BEGIN RECORD SET

Lemma phi_at0 : phi 0 = 1.
Proof.
rewrite /phi /base exp_0; replace (p * 1 + 1 - p) with 1 by ring.
by rewrite pow1 Rmult_1_r.
Qed.

Lemma phi_trapezoid (theta : R) : 0 <= theta -> phi theta - 1 <= theta * (phi1 0 + phi1 theta) / 2.
Proof.
move=> th0; rewrite -phi_at0.
by apply: trapezoid th0 => [t | t | s t]; [apply: phi_deriv | apply: phi1_deriv | apply: phi2_incr].
Qed.

(* Numeric core of the theta >= 0 bound: with x = e^theta >= 1,
   x <= base(theta) (p + (1 - p) x), whence x^(k+1) <= phi(theta) (p + (1-p) x)^k. *)
Lemma exp_pow_le_phi (k : nat) (theta : R) : 0 <= theta -> (k <= m)%N ->
  exp theta ^ k.+1 <= phi theta * (p + (1 - p) * exp theta) ^ k.
Proof.
move=> th0 km; rewrite /phi; set x := exp theta; set r := base theta; set q := p + _.
have x1 : 1 <= x by rewrite /x -exp_0; apply: exp_le.
have r1 : 1 <= r by rewrite /r /base -/x; nra.
have q1 : 1 <= q by rewrite /q; nra.
have x_rq : x <= r * q.
  have : 0 <= p * (1 - p) * ((x - 1) * (x - 1)) by apply: Rmult_le_pos; nra.
  by rewrite /r /q /base -/x; nra.
rewrite /= Rmult_assoc; apply: Rmult_le_compat_l; first lra.
apply: Rle_trans (_ : (r * q) ^ k <= _); first by apply: pow_incr; lra.
rewrite Rpow_mult_distr; apply: Rmult_le_compat_r; first by apply: pow_le; lra.
by apply: Rle_pow => //; apply/leP.
Qed.

End Phi.

Lemma phi1_gamma (n : nat) (p theta : R) : (2 <= n)%N ->
  phi1 p (n - 1) 0 + phi1 p (n - 1) theta = gamma_theta n p theta.
Proof.
move=> n2; have [K ->] : exists K, n = K.+2 by exists (n - 2)%N; lia.
rewrite /phi1 /gamma_theta /base.
have -> : (K.+2 - 1 = K.+1)%N by lia.
have -> : (K.+2 - 2 = K)%N by lia.
rewrite !S_INR exp_0 /=.
replace (p * 1 + 1 - p) with 1 by ring; rewrite pow1; ring.
Qed.

Lemma derivable_pt_lim_bigsum (I : finType) (F : I -> R -> R) (F' : I -> R) (x : R) :
  (forall i, derivable_pt_lim (F i) x (F' i)) ->
  derivable_pt_lim (fun y => \big[Rplus/0]_i F i y) x (\big[Rplus/0]_i F' i).
Proof.
move=> dF; suff sum_seq (r : seq I) : derivable_pt_lim (fun y => \big[Rplus/0]_(i <- r) F i y) x
    (\big[Rplus/0]_(i <- r) F' i) by exact: sum_seq.
elim: r => [|i r IH].
  have -> : (fun y => \big[Rplus/0]_(i <- [::]) F i y) = fct_cte 0.
    by apply: functional_extensionality => y; rewrite big_nil.
  by rewrite big_nil; exact: derivable_pt_lim_const.
have -> : (fun y => \big[Rplus/0]_(j <- i :: r) F j y) =
    plus_fct (F i) (fun y => \big[Rplus/0]_(j <- r) F j y).
  by apply: functional_extensionality => y; rewrite big_cons.
by rewrite big_cons; exact: derivable_pt_lim_plus.
Qed.

Section ErdosRenyi.
Variables (n : nat) (p : R).
Hypothesis p01 : 0 <= p <= 1.
Implicit Types (v : 'I_n) (g h : graph n) (F G : graph n -> R).

Lemma er_prob_ge0 g : 0 <= er_prob p g.
Proof. by apply: Rprod_ge0 => e; case: (g e); lra. Qed.

Lemma ER_E_le F G : (forall g, F g <= G g) -> ER_E p F <= ER_E p G.
Proof.
by move=> FG; apply: Rsum_le => g; apply: Rmult_le_compat_l; [apply: er_prob_ge0 | apply: FG].
Qed.

Lemma ER_E_ge0 F : (forall g, 0 <= F g) -> 0 <= ER_E p F.
Proof.
by move=> F0; apply: Rsum_ge0 => g; apply: Rmult_le_pos; [apply: er_prob_ge0 | apply: F0].
Qed.

Lemma ER_E_scal (c : R) F : ER_E p (fun g => c * F g) = c * ER_E p F.
Proof. by rewrite /ER_E big_distrr; apply: eq_bigr => g _ /=; ring. Qed.

Lemma ER_E_sum (I : finType) (F : I -> graph n -> R) :
  ER_E p (fun g => \big[Rplus/0]_i F i g) = \big[Rplus/0]_i ER_E p (F i).
Proof. by rewrite /ER_E exchange_big; apply: eq_bigr => i _; rewrite big_distrr. Qed.

Lemma ER_E_prod (psi : upair n -> bool -> R) :
  ER_E p (fun h => \big[Rmult/1]_e psi e (h e))
  = \big[Rmult/1]_e (p * psi e true + (1 - p) * psi e false).
Proof.
transitivity (\big[Rmult/1]_e \big[Rplus/0]_(b : bool) ((if b then p else 1 - p) * psi e b)).
  by rewrite bigA_distr_bigA; apply: eq_bigr => h _; rewrite -big_split.
by apply: eq_bigr => e _; rewrite big_bool.
Qed.

Lemma ER_E_const (c : R) : ER_E p (fun _ : graph n => c) = c.
Proof.
have total : ER_E p (fun _ : graph n => 1) = 1.
  have := ER_E_prod (fun _ _ => 1); rewrite [X in _ = X]big1 => [prod1 | e _]; last by ring.
  by rewrite -[RHS]prod1; apply: eq_bigr => g _; rewrite big1_eq.
by rewrite -[RHS]Rmult_1_r -total -ER_E_scal; apply: eq_bigr => g _ /=; rewrite Rmult_1_r.
Qed.

Lemma er_prob_resample_at v g h :
  er_prob p (resample_at v g h) * er_prob p (resample_at v h g) = er_prob p g * er_prob p h.
Proof.
rewrite /er_prob -!big_split; apply: eq_bigr => e _; rewrite !ffunE.
by case: (inc v e) => //; apply: Rmult_comm.
Qed.

Lemma ER_E_resample v F :
  ER_E p F = ER_E p (fun g => ER_E p (fun h => F (resample_at v g h))).
Proof.
have pairE (H : graph n -> graph n -> R) : ER_E p (fun g => ER_E p (H g))
    = \big[Rplus/0]_(x : graph n * graph n) (er_prob p x.1 * er_prob p x.2 * H x.1 x.2).
  rewrite /ER_E; under eq_bigr => g _ do rewrite big_distrr.
  by rewrite pair_big; apply: eq_bigr => [[g h]] _ /=; ring.
pose swap (x : graph n * graph n) := (resample_at v x.1 x.2, resample_at v x.2 x.1).
have swapK : involutive swap by case=> g h; rewrite /swap /= !resample_atK.
have -> : ER_E p F = ER_E p (fun g => ER_E p (fun _ : graph n => F g)).
  by apply: eq_bigr => g _; rewrite ER_E_const.
rewrite !pairE (reindex_inj (inv_inj swapK)); apply: eq_bigr => [[g h]] _ /=.
by rewrite er_prob_resample_at.
Qed.

Lemma ER_E_no_edge_at v :
  ER_E p (fun h => if [forall e, inc v e ==> ~~ h e] then 1 else 0) = (1 - p) ^ (n - 1).
Proof.
pose no_edge (e : upair n) (b : bool) := if inc v e ==> ~~ b then 1 else 0.
transitivity (ER_E p (fun h => \big[Rmult/1]_e no_edge e (h e))).
  by apply: eq_bigr => h _; rewrite Rprod_indicator.
rewrite ER_E_prod.
rewrite (eq_bigr (fun e => if e \in star v then 1 - p else 1)); last first.
  by move=> e _; rewrite /no_edge inE; case: (inc v e) => /=; ring.
by rewrite Rprod_cond -(card_star v); congr (_ ^ _); apply: eq_card.
Qed.

(* Conditioning on v being isolated amounts to deleting the edges at v. *)
Lemma ER_E_isolated v F :
  ER_E p (fun g => if isolated g v then F g else 0)
  = (1 - p) ^ (n - 1) * ER_E p (fun g => F (delete_at g v)).
Proof.
rewrite (ER_E_resample v) -ER_E_scal; apply: eq_bigr => g _; congr (_ * _).
rewrite -(ER_E_no_edge_at v) [RHS]Rmult_comm -ER_E_scal; apply: eq_bigr => h _ /=.
by rewrite isolated_resample_at; case: ifP => [/resample_at_empty -> | _]; ring.
Qed.

Lemma nisolE g : INR (nisol g) = \big[Rplus/0]_v (if isolated g v then 1 else 0).
Proof.
rewrite /nisol -sum1dep_card big_mkcond INR_sum; apply: eq_bigr => v _.
by case: (isolated g v).
Qed.

(* Y is the sum of the indicators of the vertices being isolated. *)
Lemma ER_E_nisol_mul F :
  ER_E p (fun g => INR (nisol g) * F g)
  = (1 - p) ^ (n - 1) * \big[Rplus/0]_v ER_E p (fun g => F (delete_at g v)).
Proof.
transitivity (ER_E p (fun g => \big[Rplus/0]_v (if isolated g v then F g else 0))).
  apply: eq_bigr => g _; rewrite nisolE big_distrl; congr (_ * _).
  by apply: eq_bigr => v _ /=; case: ifP => _; ring.
by rewrite ER_E_sum big_distrr; apply: eq_bigr => v _; apply: ER_E_isolated.
Qed.

Lemma mean_nisol : ER_E p (fun g => INR (nisol g)) = INR n * (1 - p) ^ (n - 1).
Proof.
transitivity (ER_E p (fun g => INR (nisol g) * 1)).
  by apply: eq_bigr => g _; rewrite Rmult_1_r.
rewrite ER_E_nisol_mul (eq_bigr (fun _ => 1)) => [|v _]; last exact: ER_E_const.
by rewrite Rsum_const card_ord; ring.
Qed.

Lemma ER_EVE (f : graph n -> 'I_n -> R) :
  ER_EV p f = / INR n * \big[Rplus/0]_v ER_E p (fun g => f g v).
Proof.
rewrite /ER_EV big_distrr; apply: eq_bigr => v _.
by rewrite /ER_E big_distrr; apply: eq_bigr => g _ /=; ring.
Qed.

Lemma size_bias F : (0 < n)%N ->
  ER_E p (fun g => INR (nisol g) * F g)
  = ER_E p (fun g => INR (nisol g)) * ER_EV p (fun g v => F (delete_at g v)).
Proof.
move=> n_gt0; have n_neq0 : INR n <> 0 by apply: not_0_INR; lia.
by rewrite ER_E_nisol_mul mean_nisol ER_EVE; field.
Qed.

Lemma ER_EV_sub (f h : graph n -> 'I_n -> R) :
  ER_EV p (fun g v => f g v - h g v) = ER_EV p f - ER_EV p h.
Proof.
rewrite /ER_EV -Rsum_sub; apply: eq_bigr => v _.
by rewrite -Rsum_sub; apply: eq_bigr => g _; ring.
Qed.

Lemma ER_EV_const (F : graph n -> R) : (0 < n)%N -> ER_EV p (fun g _ => F g) = ER_E p F.
Proof.
move=> n_gt0; rewrite ER_EVE Rsum_const card_ord -Rmult_assoc Rinv_l ?Rmult_1_l //.
by apply: not_0_INR; lia.
Qed.

End ErdosRenyi.

Section MgfBounds.
Variables (n : nat) (p : R).
Hypothesis p01 : 0 <= p <= 1.
Implicit Types (v : 'I_n) (g h : graph n).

END RECORD SET

The response must hold only the lines above from the line with "move=> th0; rewrite -phi_at0." through the line with "have x1 : 1", each copied exactly, both ends kept.

move=> th0; rewrite -phi_at0.
by apply: trapezoid th0 => [t | t | s t]; [apply: phi_deriv | apply: phi1_deriv | apply: phi2_incr].
Qed.

(* Numeric core of the theta >= 0 bound: with x = e^theta >= 1,
   x <= base(theta) (p + (1 - p) x), whence x^(k+1) <= phi(theta) (p + (1-p) x)^k. *)
Lemma exp_pow_le_phi (k : nat) (theta : R) : 0 <= theta -> (k <= m)%N ->
  exp theta ^ k.+1 <= phi theta * (p + (1 - p) * exp theta) ^ k.
Proof.
move=> th0 km; rewrite /phi; set x := exp theta; set r := base theta; set q := p + _.
have x1 : 1 <= x by rewrite /x -exp_0; apply: exp_le.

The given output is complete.